I like the JoJan for fletching with feathers. I find that feathers still stick best with FletchTite Platinum, which requires a long set time that benefits from a jig with 6 stations. This is also beneficial for student arrows, especially those with feathers that are constantly being damaged.

I use a Bitzenberger with gel superglue for my own arrows. It is very adjustable and facilitates fletching a wide variety of feathers, vanes, and shafts - everything from tiny target vanes on .166 skinny shafts, to hunting arrows with long helical vanes, to flu flus using ginormous full length feathers, to woodies with spliced feathers.


----------



## Archer Mech (Sep 7, 2014)

I use X-Acto knives to clean/ scrape the glue residue off my carbon arrow shafts. It takes time and patience. The black shafts like Victorys' are easier to clean than Gold Tip shafts. The Gold Tip shafts seem to scar easier but that also tells me the glue has adhered exceptionally well. I have carefully scraped the (super) glue residue off my Easton shafts that originally were fletched with vanes and replaced them with feathers. No scarring to the original anodized finish.


----------



## mikescott (Feb 26, 2018)

I finally got my acetone and some denatured alcohol today. I wiped these shafts with a rag with a little bit of acetone, scrap off what glue I could get with my fletching remover, and wiped the shafts with denatured alcohol. I tried the other set of arrows that were fully fledged at my shooting range and I may not be buying these arrows anytime soon again: one insert for an arrow came out of a shaft and got stuck in the target post from my shooting. I got these arrows from amazon for $30 and they were made in China, so it was something for me to try out without spending more money on expensive arrows. I also I learned to not use too much glue when fletching arrows, so this has been a good learning experience. Are the shafts good for fletching now or do I need to clean them more? Eventually, I will be investing in better quality arrows (I'm thinking of getting Beman ICS BowHunter arrows) and getting more when I have enough money saved. Any other Affordable quality carbon arrows that I could purchase?


----------



## j.conner (Nov 12, 2009)

The Beman Bow Hunters are a good value arrow shaft. Good choice!


----------



## Easykeeper (Jan 2, 2003)

To avoid the glue issue in the future use an arrow wrap...https://onestringer.com/

Make sure you get the clear, protective "Double Dogg" coating or over wrap, makes them last well beyond the life of your fletching.

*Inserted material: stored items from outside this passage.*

(* Let $m, E, D, A_c, A, L, d, \varepsilon_0$ be positive constants and $V_{DC}\ge 0$. Consider the initial value problem \[ m\ddot{x}+EA_c\frac{x}{L}-DA_c\left|\frac{x}{L}\right|\frac{x}{L}=\frac{\varepsilon_0 A V_{DC}^2}{2(d-x)^2},\qquad x(0)=0,\quad \dot{x}(0)=0, \] with $x<d$. Let $\alpha=\frac{Dd}{EL}$, $\mu=\sqrt{4\alpha^2-6\alpha+9}$ and \[ \kappa(\alpha)=\frac{(2\alpha+3-\mu)(-4\alpha^2+24\alpha-9+2\alpha\mu+3\mu)}{648\alpha^2}. \] Then the pull-in voltage of this model is \[ V_{pull-in}=\sqrt{\frac{2E A_c d^3\kappa(\alpha)}{\varepsilon_0 A L}}. \]
   Context: The equation models a plate of mass $m$ and area $A$ attached to a graphene strip of length $L$ and cross-sectional area $A_c$ (Young's modulus $E$, second-order elastic stiffness constant $D$), actuated by a DC voltage $V_{DC}$ across a gap $d$ to a fixed parallel substrate plate, with electric permittivity constant $\varepsilon_0$; $x$ is the displacement of the plate toward the substrate. ''Pull-in'' means that the solution $x(t)$ reaches $x=d$ (the plate touches the substrate) in finite time. The pull-in voltage is the threshold value of $V_{DC}$ such that the initial value problem has a periodic solution if $V_{DC}\le V_{pull-in}$ and pull-in occurs if $V_{DC}> V_{pull-in}$. *)

From Stdlib Require Import Reals.
From Coquelicot Require Import Coquelicot.
Open Scope R_scope.

Definition ode_at (m E D Ac A L d eps0 V : R) (x v a : R -> R) (t : R) : Prop :=
  x t < d /\ is_derive x t (v t) /\ is_derive v t (a t) /\
  m * a t + E * Ac * (x t / L) - D * Ac * Rabs (x t / L) * (x t / L)
    = eps0 * A * V ^ 2 / (2 * (d - x t) ^ 2).

Definition ivp_solution_on (m E D Ac A L d eps0 V : R) (lo hi : Rbar)
  (x : R -> R) : Prop :=
  x 0 = 0 /\
  exists v a : R -> R, v 0 = 0 /\
    forall t : R, Rbar_lt lo (Finite t) -> Rbar_lt (Finite t) hi ->
      ode_at m E D Ac A L d eps0 V x v a t.

Definition global_solution (m E D Ac A L d eps0 V : R) (x : R -> R) : Prop :=
  ivp_solution_on m E D Ac A L d eps0 V m_infty p_infty x.

Definition periodic_solution (m E D Ac A L d eps0 V : R) (x : R -> R) : Prop :=
  global_solution m E D Ac A L d eps0 V x /\
  exists p : R, 0 < p /\ forall t : R, x (t + p) = x t.

Definition pull_in (m E D Ac A L d eps0 V : R) : Prop :=
  exists (lo T : R) (x : R -> R), lo < 0 < T /\
    ivp_solution_on m E D Ac A L d eps0 V (Finite lo) (Finite T) x /\
    filterlim x (at_left T) (locally d).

You can use any glue you want over them and it will hold better than on a bare shaft. Just peel or scrape the wrap off and everything comes with it. They look nice too. Not quite as nice as painted caps and crests but are a lot more convenient.

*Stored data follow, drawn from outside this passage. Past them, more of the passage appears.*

Theorem lemma5 (R : realType) (V : finType) (e : rel V) (w : V -> V -> R)
  (s1 t1 s2 t2 : V) (P1 P2 : seq V) (u v : V) :
  no_nonpos_cycle e w ->
  (exists p, is_path e p s1 t1) ->
  (exists p, is_path e p s2 t2) ->
  shortest e w P1 s1 t1 ->
  shortest e w P2 s2 t2 ->
  (forall Q1 Q2, shortest e w Q1 s1 t1 -> shortest e w Q2 s2 t2 ->
     (n_internal_common P1 P2 s1 t1 s2 t2 <= n_internal_common Q1 Q2 s1 t1 s2 t2)%N) ->
  concordant P1 s1 t1 P2 s2 t2 u v ->
  #|[set z | (z \in subpath P1 u v) && (z \in subpath P2 u v)]| = delta e w u v /\
  (forall z, (z \in subpath P1 u v) && (z \in subpath P2 u v) <->
             dist_critical e w u v z).
Proof.
move=> cyc _ _ sP1 sP2 minimal [_ [uv1 [uv2 _]]].
have critical z :
    (z \in subpath P1 u v) && (z \in subpath P2 u v) <-> dist_critical e w u v z.
  split=> [/andP[z1 z2] | zc].
    exact: (common_vertex_critical cyc sP1 sP2 minimal uv1 uv2 z1 z2).
  by rewrite (dist_critical_mem zc (shortest_subpath cyc sP1 uv1))
             (dist_critical_mem zc (shortest_subpath cyc sP2 uv2)).
split=> //; apply: eq_card => z; rewrite !inE.
by apply/idP/asboolP => /critical.
Qed.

With the acetone use some 0000 steel wool and scrub lightly, then wipe with a clean paper towel. I've been fletching, stripping and refletching my ACCs for over twenty years this way and never a problem. Some of my shafts have been reworked so many times I've had to write the spine on the side since the factory marks have worn off.


----------



## mikescott (Feb 26, 2018)

Thanks for the tips with the arrow wraps and the acetone wiping. For the arrow wraps specically, I'll just get 7" wrap at decent prices, cut them in half and have 24 pieces with a pack of 12. 2" or 3" feathers and vanes would fit from what I've been learning about fletching.


----------